%%

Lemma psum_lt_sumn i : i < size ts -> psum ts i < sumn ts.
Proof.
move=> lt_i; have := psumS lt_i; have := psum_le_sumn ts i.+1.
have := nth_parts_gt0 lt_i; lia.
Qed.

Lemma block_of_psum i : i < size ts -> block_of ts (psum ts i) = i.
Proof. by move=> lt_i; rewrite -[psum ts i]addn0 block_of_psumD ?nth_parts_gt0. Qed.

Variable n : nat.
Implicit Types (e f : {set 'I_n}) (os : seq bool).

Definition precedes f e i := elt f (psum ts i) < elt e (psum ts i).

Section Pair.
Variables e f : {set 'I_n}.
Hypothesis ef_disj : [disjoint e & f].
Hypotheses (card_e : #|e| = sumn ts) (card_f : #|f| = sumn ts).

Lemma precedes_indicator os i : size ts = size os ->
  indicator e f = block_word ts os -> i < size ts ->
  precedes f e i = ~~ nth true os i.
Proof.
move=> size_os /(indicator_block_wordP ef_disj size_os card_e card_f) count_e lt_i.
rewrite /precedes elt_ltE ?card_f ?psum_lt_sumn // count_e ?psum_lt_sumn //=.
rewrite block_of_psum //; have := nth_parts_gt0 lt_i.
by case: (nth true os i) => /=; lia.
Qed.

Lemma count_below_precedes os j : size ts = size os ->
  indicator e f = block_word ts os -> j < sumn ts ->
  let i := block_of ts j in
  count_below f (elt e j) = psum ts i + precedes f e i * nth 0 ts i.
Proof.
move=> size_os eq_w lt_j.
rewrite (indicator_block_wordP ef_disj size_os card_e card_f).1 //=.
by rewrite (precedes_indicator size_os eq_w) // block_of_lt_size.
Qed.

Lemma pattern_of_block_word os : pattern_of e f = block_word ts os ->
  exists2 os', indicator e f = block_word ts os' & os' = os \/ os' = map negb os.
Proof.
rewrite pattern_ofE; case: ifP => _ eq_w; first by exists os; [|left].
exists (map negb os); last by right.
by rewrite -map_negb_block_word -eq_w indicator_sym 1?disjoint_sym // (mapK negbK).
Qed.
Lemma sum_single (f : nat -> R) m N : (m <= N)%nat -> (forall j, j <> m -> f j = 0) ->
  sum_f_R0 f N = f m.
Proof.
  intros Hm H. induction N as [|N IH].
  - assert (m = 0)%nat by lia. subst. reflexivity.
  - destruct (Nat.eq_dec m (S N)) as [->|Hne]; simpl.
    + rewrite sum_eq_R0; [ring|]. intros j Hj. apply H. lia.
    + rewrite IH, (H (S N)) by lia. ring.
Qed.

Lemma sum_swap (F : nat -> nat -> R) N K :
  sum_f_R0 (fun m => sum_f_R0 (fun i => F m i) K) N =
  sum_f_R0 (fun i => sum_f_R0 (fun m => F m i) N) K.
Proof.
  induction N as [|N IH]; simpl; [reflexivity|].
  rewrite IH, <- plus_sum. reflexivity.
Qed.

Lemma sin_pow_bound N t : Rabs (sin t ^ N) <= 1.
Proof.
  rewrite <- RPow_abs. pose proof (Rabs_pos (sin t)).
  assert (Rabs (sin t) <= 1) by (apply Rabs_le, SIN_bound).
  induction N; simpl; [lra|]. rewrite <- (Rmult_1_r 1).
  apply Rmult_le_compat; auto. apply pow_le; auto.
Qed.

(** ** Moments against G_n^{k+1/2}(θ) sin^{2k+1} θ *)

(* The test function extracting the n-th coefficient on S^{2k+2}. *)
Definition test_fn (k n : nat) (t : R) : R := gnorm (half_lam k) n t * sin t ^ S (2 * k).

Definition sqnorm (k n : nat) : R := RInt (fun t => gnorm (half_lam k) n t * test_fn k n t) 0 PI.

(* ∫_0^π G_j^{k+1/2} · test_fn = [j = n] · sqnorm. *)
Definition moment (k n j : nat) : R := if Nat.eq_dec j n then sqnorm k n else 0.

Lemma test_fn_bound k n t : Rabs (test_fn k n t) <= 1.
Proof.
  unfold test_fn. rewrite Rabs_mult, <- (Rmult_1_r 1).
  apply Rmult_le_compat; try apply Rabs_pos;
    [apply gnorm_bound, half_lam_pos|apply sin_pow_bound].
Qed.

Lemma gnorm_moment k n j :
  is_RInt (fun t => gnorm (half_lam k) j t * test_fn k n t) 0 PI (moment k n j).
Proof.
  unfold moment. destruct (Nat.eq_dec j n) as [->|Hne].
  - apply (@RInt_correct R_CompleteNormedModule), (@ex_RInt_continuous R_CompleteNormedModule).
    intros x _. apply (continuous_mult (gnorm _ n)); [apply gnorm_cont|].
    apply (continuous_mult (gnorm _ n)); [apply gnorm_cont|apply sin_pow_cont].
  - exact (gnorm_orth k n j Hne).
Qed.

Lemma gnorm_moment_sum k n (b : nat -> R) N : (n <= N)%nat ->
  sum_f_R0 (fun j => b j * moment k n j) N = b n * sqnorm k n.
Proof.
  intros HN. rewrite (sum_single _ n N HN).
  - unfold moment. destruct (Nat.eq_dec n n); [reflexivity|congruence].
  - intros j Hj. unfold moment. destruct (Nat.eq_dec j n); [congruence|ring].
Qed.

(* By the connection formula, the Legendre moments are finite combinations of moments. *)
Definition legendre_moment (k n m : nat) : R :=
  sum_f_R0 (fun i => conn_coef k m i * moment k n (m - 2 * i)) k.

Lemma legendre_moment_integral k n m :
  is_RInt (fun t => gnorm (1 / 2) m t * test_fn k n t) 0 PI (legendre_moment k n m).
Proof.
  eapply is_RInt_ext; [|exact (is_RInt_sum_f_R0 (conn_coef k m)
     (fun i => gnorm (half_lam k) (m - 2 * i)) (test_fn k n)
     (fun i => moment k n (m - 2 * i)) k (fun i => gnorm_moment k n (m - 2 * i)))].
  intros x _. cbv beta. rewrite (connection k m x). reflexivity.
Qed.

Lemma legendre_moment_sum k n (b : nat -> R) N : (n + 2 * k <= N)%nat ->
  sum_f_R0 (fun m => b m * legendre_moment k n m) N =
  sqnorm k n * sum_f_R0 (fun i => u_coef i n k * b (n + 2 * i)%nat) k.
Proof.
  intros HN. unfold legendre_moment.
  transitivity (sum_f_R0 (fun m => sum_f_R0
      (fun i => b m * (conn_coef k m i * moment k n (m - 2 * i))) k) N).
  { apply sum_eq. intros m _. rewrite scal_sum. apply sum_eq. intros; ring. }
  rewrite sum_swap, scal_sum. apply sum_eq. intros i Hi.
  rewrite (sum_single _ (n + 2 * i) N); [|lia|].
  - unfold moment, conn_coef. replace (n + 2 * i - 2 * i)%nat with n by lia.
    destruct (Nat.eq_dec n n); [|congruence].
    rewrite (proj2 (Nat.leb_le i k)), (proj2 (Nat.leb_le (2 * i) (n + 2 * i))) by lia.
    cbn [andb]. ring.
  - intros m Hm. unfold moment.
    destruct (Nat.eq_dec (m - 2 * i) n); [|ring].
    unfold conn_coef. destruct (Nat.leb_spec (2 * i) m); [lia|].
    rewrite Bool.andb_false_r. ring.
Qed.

%%

TASK DIRECTIONS ::
A complete, exact copy of the records is what is needed.

RESULT OF THIS TASK ::
Lemma psum_lt_sumn i : i < size ts -> psum ts i < sumn ts.
Proof.
move=> lt_i; have := psumS lt_i; have := psum_le_sumn ts i.+1.
have := nth_parts_gt0 lt_i; lia.
Qed.

Lemma block_of_psum i : i < size ts -> block_of ts (psum ts i) = i.
Proof. by move=> lt_i; rewrite -[psum ts i]addn0 block_of_psumD ?nth_parts_gt0. Qed.

Variable n : nat.
Implicit Types (e f : {set 'I_n}) (os : seq bool).

Definition precedes f e i := elt f (psum ts i) < elt e (psum ts i).

Section Pair.
Variables e f : {set 'I_n}.
Hypothesis ef_disj : [disjoint e & f].
Hypotheses (card_e : #|e| = sumn ts) (card_f : #|f| = sumn ts).

Lemma precedes_indicator os i : size ts = size os ->
  indicator e f = block_word ts os -> i < size ts ->
  precedes f e i = ~~ nth true os i.
Proof.
move=> size_os /(indicator_block_wordP ef_disj size_os card_e card_f) count_e lt_i.
rewrite /precedes elt_ltE ?card_f ?psum_lt_sumn // count_e ?psum_lt_sumn //=.
rewrite block_of_psum //; have := nth_parts_gt0 lt_i.
by case: (nth true os i) => /=; lia.
Qed.

Lemma count_below_precedes os j : size ts = size os ->
  indicator e f = block_word ts os -> j < sumn ts ->
  let i := block_of ts j in
  count_below f (elt e j) = psum ts i + precedes f e i * nth 0 ts i.
Proof.
move=> size_os eq_w lt_j.
rewrite (indicator_block_wordP ef_disj size_os card_e card_f).1 //=.
by rewrite (precedes_indicator size_os eq_w) // block_of_lt_size.
Qed.

Lemma pattern_of_block_word os : pattern_of e f = block_word ts os ->
  exists2 os', indicator e f = block_word ts os' & os' = os \/ os' = map negb os.
Proof.
rewrite pattern_ofE; case: ifP => _ eq_w; first by exists os; [|left].
exists (map negb os); last by right.
by rewrite -map_negb_block_word -eq_w indicator_sym 1?disjoint_sym // (mapK negbK).
Qed.
Lemma sum_single (f : nat -> R) m N : (m <= N)%nat -> (forall j, j <> m -> f j = 0) ->
  sum_f_R0 f N = f m.
Proof.
  intros Hm H. induction N as [|N IH].
  - assert (m = 0)%nat by lia. subst. reflexivity.
  - destruct (Nat.eq_dec m (S N)) as [->|Hne]; simpl.
    + rewrite sum_eq_R0; [ring|]. intros j Hj. apply H. lia.
    + rewrite IH, (H (S N)) by lia. ring.
Qed.

Lemma sum_swap (F : nat -> nat -> R) N K :
  sum_f_R0 (fun m => sum_f_R0 (fun i => F m i) K) N =
  sum_f_R0 (fun i => sum_f_R0 (fun m => F m i) N) K.
Proof.
  induction N as [|N IH]; simpl; [reflexivity|].
  rewrite IH, <- plus_sum. reflexivity.
Qed.

Lemma sin_pow_bound N t : Rabs (sin t ^ N) <= 1.
Proof.
  rewrite <- RPow_abs. pose proof (Rabs_pos (sin t)).
  assert (Rabs (sin t) <= 1) by (apply Rabs_le, SIN_bound).
  induction N; simpl; [lra|]. rewrite <- (Rmult_1_r 1).
  apply Rmult_le_compat; auto. apply pow_le; auto.
Qed.

(** ** Moments against G_n^{k+1/2}(θ) sin^{2k+1} θ *)

(* The test function extracting the n-th coefficient on S^{2k+2}. *)
Definition test_fn (k n : nat) (t : R) : R := gnorm (half_lam k) n t * sin t ^ S (2 * k).

Definition sqnorm (k n : nat) : R := RInt (fun t => gnorm (half_lam k) n t * test_fn k n t) 0 PI.

(* ∫_0^π G_j^{k+1/2} · test_fn = [j = n] · sqnorm. *)
Definition moment (k n j : nat) : R := if Nat.eq_dec j n then sqnorm k n else 0.

Lemma test_fn_bound k n t : Rabs (test_fn k n t) <= 1.
Proof.
  unfold test_fn. rewrite Rabs_mult, <- (Rmult_1_r 1).
  apply Rmult_le_compat; try apply Rabs_pos;
    [apply gnorm_bound, half_lam_pos|apply sin_pow_bound].
Qed.

Lemma gnorm_moment k n j :
  is_RInt (fun t => gnorm (half_lam k) j t * test_fn k n t) 0 PI (moment k n j).
Proof.
  unfold moment. destruct (Nat.eq_dec j n) as [->|Hne].
  - apply (@RInt_correct R_CompleteNormedModule), (@ex_RInt_continuous R_CompleteNormedModule).
    intros x _. apply (continuous_mult (gnorm _ n)); [apply gnorm_cont|].
    apply (continuous_mult (gnorm _ n)); [apply gnorm_cont|apply sin_pow_cont].
  - exact (gnorm_orth k n j Hne).
Qed.

Lemma gnorm_moment_sum k n (b : nat -> R) N : (n <= N)%nat ->
  sum_f_R0 (fun j => b j * moment k n j) N = b n * sqnorm k n.
Proof.
  intros HN. rewrite (sum_single _ n N HN).
  - unfold moment. destruct (Nat.eq_dec n n); [reflexivity|congruence].
  - intros j Hj. unfold moment. destruct (Nat.eq_dec j n); [congruence|ring].
Qed.

(* By the connection formula, the Legendre moments are finite combinations of moments. *)
Definition legendre_moment (k n m : nat) : R :=
  sum_f_R0 (fun i => conn_coef k m i * moment k n (m - 2 * i)) k.

Lemma legendre_moment_integral k n m :
  is_RInt (fun t => gnorm (1 / 2) m t * test_fn k n t) 0 PI (legendre_moment k n m).
Proof.
  eapply is_RInt_ext; [|exact (is_RInt_sum_f_R0 (conn_coef k m)
     (fun i => gnorm (half_lam k) (m - 2 * i)) (test_fn k n)
     (fun i => moment k n (m - 2 * i)) k (fun i => gnorm_moment k n (m - 2 * i)))].
  intros x _. cbv beta. rewrite (connection k m x). reflexivity.
Qed.

Lemma legendre_moment_sum k n (b : nat -> R) N : (n + 2 * k <= N)%nat ->
  sum_f_R0 (fun m => b m * legendre_moment k n m) N =
  sqnorm k n * sum_f_R0 (fun i => u_coef i n k * b (n + 2 * i)%nat) k.
Proof.
  intros HN. unfold legendre_moment.
  transitivity (sum_f_R0 (fun m => sum_f_R0
      (fun i => b m * (conn_coef k m i * moment k n (m - 2 * i))) k) N).
  { apply sum_eq. intros m _. rewrite scal_sum. apply sum_eq. intros; ring. }
  rewrite sum_swap, scal_sum. apply sum_eq. intros i Hi.
  rewrite (sum_single _ (n + 2 * i) N); [|lia|].
  - unfold moment, conn_coef. replace (n + 2 * i - 2 * i)%nat with n by lia.
    destruct (Nat.eq_dec n n); [|congruence].
    rewrite (proj2 (Nat.leb_le i k)), (proj2 (Nat.leb_le (2 * i) (n + 2 * i))) by lia.
    cbn [andb]. ring.
  - intros m Hm. unfold moment.
    destruct (Nat.eq_dec (m - 2 * i) n); [|ring].
    unfold conn_coef. destruct (Nat.leb_spec (2 * i) m); [lia|].
    rewrite Bool.andb_false_r. ring.
Qed.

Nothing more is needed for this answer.